## MATERIAL FOR THIS TASK
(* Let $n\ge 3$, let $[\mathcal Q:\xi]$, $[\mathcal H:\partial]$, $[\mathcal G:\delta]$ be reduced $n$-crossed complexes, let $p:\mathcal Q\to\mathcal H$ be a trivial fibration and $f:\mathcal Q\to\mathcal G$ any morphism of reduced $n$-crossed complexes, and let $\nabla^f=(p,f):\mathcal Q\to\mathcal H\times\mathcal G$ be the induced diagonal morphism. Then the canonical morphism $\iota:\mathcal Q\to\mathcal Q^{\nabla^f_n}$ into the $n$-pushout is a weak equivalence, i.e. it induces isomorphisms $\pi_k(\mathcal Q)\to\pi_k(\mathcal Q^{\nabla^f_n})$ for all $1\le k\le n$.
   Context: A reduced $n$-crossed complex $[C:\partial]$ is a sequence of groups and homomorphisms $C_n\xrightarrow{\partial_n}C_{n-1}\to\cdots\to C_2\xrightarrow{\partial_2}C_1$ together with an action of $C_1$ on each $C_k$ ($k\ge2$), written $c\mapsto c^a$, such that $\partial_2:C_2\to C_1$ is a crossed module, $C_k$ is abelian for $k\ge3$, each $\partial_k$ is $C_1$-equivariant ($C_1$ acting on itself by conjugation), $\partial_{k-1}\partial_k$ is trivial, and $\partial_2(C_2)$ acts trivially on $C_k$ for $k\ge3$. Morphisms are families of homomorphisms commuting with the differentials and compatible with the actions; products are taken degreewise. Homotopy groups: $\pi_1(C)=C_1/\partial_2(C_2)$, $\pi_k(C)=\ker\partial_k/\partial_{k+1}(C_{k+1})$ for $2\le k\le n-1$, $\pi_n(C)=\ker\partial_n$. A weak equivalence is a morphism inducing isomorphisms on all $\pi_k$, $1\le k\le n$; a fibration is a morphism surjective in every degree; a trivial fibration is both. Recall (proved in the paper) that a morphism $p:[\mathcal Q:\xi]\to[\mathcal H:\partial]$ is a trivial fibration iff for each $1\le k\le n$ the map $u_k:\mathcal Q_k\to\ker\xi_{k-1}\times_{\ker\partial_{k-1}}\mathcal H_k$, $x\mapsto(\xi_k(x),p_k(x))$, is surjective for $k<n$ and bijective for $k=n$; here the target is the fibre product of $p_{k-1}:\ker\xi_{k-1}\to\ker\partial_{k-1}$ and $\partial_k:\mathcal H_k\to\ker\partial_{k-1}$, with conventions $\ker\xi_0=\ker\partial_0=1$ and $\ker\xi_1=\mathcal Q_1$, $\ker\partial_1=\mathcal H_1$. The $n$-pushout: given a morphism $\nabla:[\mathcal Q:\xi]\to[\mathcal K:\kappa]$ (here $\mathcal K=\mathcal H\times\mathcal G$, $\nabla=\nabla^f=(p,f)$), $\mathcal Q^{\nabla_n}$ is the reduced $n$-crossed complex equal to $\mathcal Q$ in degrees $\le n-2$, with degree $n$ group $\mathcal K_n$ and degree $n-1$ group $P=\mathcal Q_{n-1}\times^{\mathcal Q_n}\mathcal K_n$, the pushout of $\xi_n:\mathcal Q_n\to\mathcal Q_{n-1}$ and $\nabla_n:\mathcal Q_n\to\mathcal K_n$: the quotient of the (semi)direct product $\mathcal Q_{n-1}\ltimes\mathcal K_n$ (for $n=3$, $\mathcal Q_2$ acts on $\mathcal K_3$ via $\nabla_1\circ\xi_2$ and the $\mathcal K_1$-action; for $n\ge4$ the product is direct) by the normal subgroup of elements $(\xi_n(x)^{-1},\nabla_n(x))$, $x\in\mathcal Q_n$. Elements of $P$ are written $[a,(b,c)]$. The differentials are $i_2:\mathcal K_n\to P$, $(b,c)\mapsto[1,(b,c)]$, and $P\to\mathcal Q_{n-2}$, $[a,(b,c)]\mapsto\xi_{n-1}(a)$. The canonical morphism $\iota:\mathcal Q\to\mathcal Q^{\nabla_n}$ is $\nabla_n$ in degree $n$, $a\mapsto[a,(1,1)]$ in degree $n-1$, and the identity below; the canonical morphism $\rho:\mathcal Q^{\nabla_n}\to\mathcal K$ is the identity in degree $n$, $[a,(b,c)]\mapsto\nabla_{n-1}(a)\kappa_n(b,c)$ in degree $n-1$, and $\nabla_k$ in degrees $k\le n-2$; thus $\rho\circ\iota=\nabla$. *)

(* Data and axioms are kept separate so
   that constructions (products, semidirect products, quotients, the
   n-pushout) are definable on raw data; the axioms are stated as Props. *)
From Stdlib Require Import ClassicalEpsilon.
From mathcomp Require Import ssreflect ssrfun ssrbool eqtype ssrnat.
* * *
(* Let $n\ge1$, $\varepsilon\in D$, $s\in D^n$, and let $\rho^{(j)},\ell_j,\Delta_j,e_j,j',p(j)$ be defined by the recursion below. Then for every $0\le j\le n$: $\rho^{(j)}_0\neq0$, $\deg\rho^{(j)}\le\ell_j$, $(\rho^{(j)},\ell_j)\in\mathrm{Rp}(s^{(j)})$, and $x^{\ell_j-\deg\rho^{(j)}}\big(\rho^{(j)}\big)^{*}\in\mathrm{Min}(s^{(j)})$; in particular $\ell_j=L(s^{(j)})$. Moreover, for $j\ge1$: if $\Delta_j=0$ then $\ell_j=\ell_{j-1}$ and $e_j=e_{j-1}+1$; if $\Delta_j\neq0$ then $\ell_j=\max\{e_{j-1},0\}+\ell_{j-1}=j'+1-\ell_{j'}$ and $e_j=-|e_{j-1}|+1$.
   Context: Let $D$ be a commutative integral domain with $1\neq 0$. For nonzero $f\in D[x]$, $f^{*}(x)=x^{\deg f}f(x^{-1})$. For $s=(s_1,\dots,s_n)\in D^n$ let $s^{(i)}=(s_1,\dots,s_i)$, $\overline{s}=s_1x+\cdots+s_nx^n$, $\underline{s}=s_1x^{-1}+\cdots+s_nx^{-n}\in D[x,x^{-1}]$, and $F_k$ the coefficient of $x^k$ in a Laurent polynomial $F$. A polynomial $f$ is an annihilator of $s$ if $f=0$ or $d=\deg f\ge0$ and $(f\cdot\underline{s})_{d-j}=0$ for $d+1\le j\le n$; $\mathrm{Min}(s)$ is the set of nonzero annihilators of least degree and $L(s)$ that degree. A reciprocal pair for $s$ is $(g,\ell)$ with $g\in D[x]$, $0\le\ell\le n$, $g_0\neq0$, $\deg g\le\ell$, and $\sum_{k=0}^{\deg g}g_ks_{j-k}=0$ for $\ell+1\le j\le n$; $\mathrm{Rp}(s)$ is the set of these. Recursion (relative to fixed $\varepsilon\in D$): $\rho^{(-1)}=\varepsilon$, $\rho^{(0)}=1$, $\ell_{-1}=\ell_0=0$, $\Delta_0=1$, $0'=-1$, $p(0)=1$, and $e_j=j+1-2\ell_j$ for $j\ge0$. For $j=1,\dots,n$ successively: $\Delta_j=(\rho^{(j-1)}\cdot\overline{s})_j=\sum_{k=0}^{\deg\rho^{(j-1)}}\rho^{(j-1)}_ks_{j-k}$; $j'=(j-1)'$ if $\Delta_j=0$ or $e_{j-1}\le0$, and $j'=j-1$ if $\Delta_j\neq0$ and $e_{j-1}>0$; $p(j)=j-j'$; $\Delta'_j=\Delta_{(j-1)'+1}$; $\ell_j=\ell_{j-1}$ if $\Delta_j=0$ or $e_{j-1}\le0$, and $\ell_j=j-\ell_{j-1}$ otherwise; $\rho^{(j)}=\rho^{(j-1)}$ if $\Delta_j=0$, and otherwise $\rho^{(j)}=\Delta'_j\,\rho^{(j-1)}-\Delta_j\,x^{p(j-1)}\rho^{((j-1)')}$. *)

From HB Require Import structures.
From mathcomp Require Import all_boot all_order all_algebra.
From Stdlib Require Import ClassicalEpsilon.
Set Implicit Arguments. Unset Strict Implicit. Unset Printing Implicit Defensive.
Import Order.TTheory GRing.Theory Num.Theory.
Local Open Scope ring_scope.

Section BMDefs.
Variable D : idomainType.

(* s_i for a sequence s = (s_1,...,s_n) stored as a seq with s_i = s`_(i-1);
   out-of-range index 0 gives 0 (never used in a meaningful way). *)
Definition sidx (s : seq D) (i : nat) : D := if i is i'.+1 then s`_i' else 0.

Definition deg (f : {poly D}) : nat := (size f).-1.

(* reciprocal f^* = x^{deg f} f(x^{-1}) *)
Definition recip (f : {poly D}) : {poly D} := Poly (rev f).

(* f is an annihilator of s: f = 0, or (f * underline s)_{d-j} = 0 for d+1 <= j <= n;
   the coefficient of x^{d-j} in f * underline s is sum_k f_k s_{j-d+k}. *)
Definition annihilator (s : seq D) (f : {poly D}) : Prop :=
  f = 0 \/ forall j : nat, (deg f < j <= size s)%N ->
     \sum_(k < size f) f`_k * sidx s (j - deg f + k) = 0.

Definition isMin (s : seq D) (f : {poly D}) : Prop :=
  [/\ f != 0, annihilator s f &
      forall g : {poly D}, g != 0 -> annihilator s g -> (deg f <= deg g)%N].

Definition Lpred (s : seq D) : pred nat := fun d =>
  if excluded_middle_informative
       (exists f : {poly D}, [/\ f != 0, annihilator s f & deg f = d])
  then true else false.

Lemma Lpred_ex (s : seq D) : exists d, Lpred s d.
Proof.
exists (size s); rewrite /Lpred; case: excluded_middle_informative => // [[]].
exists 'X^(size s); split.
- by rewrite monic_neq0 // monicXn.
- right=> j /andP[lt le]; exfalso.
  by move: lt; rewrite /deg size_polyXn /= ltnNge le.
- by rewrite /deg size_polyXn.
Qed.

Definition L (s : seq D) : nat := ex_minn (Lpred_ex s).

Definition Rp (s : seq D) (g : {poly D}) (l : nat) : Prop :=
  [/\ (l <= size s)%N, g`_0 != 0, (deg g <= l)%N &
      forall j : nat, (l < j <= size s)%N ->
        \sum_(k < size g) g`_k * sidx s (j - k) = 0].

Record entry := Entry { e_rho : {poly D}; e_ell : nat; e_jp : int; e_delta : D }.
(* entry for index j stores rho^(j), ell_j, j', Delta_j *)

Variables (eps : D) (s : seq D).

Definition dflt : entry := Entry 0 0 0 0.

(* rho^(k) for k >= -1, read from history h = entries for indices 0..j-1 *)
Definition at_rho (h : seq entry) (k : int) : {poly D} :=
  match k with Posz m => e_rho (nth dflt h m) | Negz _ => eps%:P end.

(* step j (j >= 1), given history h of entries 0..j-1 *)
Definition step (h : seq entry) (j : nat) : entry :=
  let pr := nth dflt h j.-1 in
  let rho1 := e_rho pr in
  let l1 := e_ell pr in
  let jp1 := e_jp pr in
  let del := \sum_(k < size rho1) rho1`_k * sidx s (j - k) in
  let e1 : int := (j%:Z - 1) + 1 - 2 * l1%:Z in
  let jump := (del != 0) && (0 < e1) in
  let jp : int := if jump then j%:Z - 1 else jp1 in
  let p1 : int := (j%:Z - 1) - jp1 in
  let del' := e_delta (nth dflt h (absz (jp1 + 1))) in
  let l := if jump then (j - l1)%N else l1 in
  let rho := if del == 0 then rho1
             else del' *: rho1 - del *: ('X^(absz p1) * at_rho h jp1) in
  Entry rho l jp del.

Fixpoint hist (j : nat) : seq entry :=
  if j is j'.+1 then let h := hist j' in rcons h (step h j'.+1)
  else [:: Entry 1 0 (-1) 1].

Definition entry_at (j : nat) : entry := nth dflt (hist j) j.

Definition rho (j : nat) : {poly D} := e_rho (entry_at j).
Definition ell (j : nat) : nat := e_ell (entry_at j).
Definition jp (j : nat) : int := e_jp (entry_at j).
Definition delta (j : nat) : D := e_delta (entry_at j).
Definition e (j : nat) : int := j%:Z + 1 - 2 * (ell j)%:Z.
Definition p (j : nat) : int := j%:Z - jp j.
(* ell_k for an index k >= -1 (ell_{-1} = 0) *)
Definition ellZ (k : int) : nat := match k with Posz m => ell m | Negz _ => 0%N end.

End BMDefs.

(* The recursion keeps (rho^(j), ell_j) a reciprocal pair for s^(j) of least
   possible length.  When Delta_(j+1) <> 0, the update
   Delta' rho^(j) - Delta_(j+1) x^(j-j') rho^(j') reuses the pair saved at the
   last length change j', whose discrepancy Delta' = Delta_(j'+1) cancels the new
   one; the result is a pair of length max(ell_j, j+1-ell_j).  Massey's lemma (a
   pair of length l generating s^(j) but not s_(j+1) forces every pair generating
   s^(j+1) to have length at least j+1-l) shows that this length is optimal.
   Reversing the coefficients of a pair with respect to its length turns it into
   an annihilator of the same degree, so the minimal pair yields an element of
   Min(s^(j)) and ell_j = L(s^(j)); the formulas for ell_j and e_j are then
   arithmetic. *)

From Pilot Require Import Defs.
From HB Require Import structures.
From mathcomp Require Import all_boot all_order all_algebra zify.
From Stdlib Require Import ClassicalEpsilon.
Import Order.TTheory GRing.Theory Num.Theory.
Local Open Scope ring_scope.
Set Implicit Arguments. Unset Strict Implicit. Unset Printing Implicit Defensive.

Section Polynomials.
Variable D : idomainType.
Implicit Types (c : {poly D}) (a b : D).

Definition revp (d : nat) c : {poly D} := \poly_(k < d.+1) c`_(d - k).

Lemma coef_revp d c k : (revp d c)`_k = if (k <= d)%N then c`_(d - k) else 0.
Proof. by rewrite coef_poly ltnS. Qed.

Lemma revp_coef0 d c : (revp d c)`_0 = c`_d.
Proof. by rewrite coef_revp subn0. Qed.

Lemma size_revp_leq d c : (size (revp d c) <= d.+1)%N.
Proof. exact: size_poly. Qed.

## WORK TO BE COMPLETED
Please give an exact copy of the lines above, beginning with the line containing "n-pushout) are definable" and running through the line containing "From mathcomp Require Import ssreflect", and of no other lines.

## EXPECTED ANSWER
   n-pushout) are definable on raw data; the axioms are stated as Props. *)
From Stdlib Require Import ClassicalEpsilon.
From mathcomp Require Import ssreflect ssrfun ssrbool eqtype ssrnat.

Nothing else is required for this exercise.